◆ Exercise: In the data below, find each line carrying the string "Ordinal" and copy it out.

-.-.-

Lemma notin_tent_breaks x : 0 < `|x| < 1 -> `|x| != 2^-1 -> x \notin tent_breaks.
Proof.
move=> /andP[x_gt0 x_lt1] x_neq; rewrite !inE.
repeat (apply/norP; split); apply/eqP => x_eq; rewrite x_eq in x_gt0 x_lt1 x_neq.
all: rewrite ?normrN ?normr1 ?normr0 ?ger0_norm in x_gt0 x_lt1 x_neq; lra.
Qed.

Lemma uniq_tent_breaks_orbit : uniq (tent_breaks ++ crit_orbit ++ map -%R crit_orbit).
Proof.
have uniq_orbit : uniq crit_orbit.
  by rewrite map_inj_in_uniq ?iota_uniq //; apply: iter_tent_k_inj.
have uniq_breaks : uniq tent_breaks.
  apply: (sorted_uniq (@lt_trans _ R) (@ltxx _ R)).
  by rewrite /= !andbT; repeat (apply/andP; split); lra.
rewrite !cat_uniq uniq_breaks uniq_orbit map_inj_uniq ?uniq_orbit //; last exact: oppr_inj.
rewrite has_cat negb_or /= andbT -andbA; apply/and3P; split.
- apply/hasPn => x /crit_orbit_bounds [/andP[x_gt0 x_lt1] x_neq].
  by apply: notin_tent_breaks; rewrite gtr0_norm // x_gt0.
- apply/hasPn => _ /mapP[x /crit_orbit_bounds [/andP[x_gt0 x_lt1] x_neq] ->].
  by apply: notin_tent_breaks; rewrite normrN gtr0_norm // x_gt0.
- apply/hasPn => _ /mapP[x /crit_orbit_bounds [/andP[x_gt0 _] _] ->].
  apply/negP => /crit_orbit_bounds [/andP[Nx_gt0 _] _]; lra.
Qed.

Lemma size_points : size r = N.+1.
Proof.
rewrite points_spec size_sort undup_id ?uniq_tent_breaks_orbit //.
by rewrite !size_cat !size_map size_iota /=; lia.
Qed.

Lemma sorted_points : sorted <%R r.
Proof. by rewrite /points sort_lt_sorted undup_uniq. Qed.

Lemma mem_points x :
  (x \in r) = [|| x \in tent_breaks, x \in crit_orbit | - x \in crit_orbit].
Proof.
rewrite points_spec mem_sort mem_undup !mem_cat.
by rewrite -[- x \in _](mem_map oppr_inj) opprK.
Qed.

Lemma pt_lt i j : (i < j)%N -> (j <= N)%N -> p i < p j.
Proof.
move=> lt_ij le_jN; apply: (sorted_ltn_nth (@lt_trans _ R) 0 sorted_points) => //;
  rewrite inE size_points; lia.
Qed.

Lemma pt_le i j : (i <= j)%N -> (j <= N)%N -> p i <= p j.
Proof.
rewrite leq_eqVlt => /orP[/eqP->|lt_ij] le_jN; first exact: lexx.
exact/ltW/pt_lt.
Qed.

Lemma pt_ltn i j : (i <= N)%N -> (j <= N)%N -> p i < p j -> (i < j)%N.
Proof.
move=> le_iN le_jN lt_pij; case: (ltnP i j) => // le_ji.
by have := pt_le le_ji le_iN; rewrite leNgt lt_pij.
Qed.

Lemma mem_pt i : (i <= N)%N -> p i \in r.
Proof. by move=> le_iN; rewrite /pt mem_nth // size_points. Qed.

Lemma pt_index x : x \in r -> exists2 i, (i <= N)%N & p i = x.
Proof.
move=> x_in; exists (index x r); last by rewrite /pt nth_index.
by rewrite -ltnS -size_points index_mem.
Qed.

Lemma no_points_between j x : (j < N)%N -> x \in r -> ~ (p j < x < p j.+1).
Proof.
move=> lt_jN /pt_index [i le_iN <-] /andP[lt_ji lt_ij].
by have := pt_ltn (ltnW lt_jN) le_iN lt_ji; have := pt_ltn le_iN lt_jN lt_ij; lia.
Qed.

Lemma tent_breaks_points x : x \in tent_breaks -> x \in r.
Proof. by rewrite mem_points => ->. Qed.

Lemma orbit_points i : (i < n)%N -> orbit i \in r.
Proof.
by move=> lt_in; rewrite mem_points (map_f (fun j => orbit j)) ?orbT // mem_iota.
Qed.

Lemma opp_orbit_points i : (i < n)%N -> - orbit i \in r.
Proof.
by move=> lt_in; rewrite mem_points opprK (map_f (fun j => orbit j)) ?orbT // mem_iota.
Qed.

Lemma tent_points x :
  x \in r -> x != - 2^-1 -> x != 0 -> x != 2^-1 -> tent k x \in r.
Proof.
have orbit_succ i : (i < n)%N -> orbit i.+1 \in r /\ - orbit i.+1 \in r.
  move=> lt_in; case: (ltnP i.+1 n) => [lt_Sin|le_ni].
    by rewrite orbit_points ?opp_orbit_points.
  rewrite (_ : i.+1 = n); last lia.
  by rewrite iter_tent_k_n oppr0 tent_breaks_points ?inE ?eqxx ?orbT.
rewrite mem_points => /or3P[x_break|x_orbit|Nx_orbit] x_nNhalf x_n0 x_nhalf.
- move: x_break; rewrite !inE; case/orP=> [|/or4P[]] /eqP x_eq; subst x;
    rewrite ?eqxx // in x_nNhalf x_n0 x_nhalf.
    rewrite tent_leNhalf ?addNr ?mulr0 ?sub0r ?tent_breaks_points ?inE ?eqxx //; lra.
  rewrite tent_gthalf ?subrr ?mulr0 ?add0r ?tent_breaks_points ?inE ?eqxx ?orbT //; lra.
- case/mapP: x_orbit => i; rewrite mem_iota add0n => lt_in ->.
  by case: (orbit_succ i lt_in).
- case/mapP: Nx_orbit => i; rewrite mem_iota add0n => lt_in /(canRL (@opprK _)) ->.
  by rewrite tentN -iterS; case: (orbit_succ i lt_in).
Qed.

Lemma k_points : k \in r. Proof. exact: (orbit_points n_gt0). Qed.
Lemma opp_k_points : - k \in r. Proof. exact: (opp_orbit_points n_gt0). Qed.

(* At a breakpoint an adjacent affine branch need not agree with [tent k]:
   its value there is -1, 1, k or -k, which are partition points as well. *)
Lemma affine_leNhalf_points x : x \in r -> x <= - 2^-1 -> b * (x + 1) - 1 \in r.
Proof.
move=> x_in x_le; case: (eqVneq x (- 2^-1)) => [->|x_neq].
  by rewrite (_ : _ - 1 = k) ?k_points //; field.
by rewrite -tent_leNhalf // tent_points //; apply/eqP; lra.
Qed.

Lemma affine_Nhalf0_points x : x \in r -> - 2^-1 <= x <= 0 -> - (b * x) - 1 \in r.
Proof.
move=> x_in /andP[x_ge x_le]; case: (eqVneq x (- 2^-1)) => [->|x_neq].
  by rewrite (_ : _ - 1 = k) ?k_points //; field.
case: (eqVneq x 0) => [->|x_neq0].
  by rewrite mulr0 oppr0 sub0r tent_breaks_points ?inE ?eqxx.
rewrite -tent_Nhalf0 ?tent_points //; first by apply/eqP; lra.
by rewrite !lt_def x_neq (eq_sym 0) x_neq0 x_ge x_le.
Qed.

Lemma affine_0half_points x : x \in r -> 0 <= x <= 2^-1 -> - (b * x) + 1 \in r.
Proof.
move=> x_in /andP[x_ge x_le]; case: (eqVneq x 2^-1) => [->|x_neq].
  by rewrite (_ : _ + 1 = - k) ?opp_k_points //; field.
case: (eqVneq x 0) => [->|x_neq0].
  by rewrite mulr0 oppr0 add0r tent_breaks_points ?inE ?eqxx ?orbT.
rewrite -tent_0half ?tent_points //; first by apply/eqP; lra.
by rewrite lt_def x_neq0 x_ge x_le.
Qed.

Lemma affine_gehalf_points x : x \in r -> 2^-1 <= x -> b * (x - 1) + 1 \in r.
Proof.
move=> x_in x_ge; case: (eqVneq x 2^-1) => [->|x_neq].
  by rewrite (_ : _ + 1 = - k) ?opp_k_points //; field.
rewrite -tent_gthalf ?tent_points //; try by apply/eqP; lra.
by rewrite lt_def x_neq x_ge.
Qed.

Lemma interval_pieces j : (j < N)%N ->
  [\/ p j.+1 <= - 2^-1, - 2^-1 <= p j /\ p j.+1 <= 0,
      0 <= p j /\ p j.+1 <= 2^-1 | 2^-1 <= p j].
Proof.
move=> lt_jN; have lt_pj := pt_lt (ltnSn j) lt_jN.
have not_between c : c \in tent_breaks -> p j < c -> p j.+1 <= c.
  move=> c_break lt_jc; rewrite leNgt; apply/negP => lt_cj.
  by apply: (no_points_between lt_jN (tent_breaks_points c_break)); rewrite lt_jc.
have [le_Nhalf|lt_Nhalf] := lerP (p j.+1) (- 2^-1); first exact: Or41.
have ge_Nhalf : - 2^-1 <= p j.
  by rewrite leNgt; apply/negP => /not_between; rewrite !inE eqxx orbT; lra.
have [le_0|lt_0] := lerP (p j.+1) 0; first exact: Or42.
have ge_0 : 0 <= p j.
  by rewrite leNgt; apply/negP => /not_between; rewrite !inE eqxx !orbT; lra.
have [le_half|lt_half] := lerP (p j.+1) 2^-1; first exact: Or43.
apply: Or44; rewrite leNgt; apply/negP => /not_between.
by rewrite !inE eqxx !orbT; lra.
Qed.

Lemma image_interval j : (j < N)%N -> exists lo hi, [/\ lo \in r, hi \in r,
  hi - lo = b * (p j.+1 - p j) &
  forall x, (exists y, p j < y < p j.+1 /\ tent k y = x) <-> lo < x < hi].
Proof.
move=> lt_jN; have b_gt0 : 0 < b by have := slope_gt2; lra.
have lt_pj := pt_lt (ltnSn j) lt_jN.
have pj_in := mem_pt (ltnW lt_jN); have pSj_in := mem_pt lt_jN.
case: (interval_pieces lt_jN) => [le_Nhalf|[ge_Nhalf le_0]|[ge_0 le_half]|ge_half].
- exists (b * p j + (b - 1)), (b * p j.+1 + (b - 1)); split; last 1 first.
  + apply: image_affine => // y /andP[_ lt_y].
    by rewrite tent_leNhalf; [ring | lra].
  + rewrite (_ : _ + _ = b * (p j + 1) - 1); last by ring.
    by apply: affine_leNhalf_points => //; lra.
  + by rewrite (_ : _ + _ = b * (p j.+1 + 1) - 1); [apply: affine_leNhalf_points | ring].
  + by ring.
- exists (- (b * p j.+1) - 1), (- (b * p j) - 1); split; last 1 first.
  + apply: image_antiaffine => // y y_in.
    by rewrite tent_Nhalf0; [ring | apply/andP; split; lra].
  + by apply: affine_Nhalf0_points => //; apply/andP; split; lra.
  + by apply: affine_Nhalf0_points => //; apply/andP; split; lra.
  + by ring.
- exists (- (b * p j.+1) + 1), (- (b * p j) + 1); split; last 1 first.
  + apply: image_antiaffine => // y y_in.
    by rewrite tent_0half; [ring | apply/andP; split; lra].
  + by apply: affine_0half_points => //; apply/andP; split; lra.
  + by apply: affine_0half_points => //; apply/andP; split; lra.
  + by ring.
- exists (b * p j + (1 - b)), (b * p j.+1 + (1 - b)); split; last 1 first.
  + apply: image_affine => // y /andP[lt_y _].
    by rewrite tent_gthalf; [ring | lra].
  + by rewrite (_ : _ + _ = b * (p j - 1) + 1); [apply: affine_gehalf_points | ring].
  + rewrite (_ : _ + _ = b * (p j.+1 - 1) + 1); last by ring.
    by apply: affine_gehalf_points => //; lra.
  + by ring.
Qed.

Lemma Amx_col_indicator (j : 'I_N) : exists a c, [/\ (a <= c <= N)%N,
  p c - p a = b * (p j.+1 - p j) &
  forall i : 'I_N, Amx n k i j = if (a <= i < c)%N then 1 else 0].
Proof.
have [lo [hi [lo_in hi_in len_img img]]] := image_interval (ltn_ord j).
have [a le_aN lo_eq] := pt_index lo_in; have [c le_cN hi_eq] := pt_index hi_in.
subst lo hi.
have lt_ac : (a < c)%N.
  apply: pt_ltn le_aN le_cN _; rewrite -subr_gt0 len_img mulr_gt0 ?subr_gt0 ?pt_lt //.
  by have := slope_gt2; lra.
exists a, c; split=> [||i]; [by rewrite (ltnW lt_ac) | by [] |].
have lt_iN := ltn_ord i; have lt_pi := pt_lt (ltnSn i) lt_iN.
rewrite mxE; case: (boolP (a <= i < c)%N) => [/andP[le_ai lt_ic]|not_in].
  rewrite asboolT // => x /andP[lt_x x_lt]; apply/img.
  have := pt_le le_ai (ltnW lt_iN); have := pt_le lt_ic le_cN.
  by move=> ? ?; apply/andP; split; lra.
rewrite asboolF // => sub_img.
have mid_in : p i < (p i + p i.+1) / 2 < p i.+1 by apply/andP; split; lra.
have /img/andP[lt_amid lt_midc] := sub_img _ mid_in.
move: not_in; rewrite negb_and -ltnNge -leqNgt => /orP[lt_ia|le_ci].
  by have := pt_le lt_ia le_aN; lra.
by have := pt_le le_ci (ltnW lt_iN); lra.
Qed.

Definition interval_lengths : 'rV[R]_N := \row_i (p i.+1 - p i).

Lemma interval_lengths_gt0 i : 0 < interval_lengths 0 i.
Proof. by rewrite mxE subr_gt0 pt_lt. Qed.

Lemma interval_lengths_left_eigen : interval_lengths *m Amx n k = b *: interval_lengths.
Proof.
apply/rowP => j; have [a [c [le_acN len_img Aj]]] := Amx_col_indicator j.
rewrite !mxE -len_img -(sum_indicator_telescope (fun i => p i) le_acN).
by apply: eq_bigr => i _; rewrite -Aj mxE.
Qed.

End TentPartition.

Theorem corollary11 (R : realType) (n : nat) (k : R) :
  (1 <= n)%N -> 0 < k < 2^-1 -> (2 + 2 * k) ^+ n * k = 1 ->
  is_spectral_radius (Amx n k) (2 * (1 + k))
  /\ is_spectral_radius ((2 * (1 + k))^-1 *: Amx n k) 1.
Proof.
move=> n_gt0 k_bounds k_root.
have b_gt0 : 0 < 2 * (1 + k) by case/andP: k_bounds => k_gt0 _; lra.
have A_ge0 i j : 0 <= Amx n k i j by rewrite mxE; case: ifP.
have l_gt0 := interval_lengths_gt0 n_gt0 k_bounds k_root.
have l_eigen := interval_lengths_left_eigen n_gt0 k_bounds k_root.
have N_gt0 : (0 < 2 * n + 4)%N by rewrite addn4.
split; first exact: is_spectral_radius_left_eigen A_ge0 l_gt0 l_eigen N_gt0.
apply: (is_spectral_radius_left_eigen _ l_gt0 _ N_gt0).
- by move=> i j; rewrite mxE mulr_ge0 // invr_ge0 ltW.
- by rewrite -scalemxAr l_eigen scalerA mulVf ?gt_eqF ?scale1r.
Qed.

-.-.-

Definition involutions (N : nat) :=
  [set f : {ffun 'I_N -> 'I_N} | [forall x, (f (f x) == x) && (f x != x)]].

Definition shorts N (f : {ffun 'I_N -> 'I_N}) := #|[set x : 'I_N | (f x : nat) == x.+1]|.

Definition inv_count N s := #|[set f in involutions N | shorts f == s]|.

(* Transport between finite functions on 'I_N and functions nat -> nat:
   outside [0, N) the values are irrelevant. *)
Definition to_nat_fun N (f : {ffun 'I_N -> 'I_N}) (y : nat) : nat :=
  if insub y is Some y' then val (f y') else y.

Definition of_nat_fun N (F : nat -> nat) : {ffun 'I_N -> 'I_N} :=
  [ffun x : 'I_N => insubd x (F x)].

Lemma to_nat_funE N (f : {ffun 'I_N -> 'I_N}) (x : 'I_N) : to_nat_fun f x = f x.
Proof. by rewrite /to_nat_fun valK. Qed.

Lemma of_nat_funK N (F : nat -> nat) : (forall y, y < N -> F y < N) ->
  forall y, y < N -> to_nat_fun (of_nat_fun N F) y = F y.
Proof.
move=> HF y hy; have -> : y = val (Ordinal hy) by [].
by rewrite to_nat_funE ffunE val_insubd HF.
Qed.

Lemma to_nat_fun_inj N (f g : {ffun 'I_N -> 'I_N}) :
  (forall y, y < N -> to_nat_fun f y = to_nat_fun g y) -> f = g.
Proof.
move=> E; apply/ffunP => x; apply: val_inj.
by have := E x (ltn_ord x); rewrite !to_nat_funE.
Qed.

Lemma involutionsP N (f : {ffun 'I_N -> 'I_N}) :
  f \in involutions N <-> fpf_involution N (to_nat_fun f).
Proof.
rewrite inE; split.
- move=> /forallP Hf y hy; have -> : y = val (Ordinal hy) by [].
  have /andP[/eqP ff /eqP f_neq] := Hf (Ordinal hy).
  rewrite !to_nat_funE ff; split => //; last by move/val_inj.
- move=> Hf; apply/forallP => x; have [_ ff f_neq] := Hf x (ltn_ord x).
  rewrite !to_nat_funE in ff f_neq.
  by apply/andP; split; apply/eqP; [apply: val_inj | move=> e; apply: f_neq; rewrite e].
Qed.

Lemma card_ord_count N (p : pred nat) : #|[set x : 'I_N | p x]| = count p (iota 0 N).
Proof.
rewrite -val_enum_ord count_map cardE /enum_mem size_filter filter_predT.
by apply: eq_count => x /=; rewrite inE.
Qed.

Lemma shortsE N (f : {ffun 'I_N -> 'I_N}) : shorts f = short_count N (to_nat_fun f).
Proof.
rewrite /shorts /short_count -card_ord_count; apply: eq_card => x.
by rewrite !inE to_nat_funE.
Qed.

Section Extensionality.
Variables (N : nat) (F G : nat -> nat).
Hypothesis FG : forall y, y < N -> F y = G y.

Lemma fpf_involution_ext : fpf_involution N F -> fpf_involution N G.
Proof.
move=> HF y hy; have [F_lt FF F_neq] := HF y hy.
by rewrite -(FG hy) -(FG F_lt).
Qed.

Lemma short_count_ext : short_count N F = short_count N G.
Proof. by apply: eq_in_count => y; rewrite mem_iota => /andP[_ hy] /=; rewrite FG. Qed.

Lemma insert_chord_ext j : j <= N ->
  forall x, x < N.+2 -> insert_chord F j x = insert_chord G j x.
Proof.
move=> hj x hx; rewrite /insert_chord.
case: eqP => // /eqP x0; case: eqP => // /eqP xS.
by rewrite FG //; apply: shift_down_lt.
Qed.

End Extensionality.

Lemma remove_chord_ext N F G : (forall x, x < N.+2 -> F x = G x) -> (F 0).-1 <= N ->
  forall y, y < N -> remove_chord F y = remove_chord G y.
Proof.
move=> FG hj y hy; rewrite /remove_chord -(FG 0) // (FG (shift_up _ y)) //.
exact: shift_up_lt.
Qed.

-.-.-

◆ Solution to this task:
move=> HF y hy; have -> : y = val (Ordinal hy) by [].
- move=> /forallP Hf y hy; have -> : y = val (Ordinal hy) by [].
  have /andP[/eqP ff /eqP f_neq] := Hf (Ordinal hy).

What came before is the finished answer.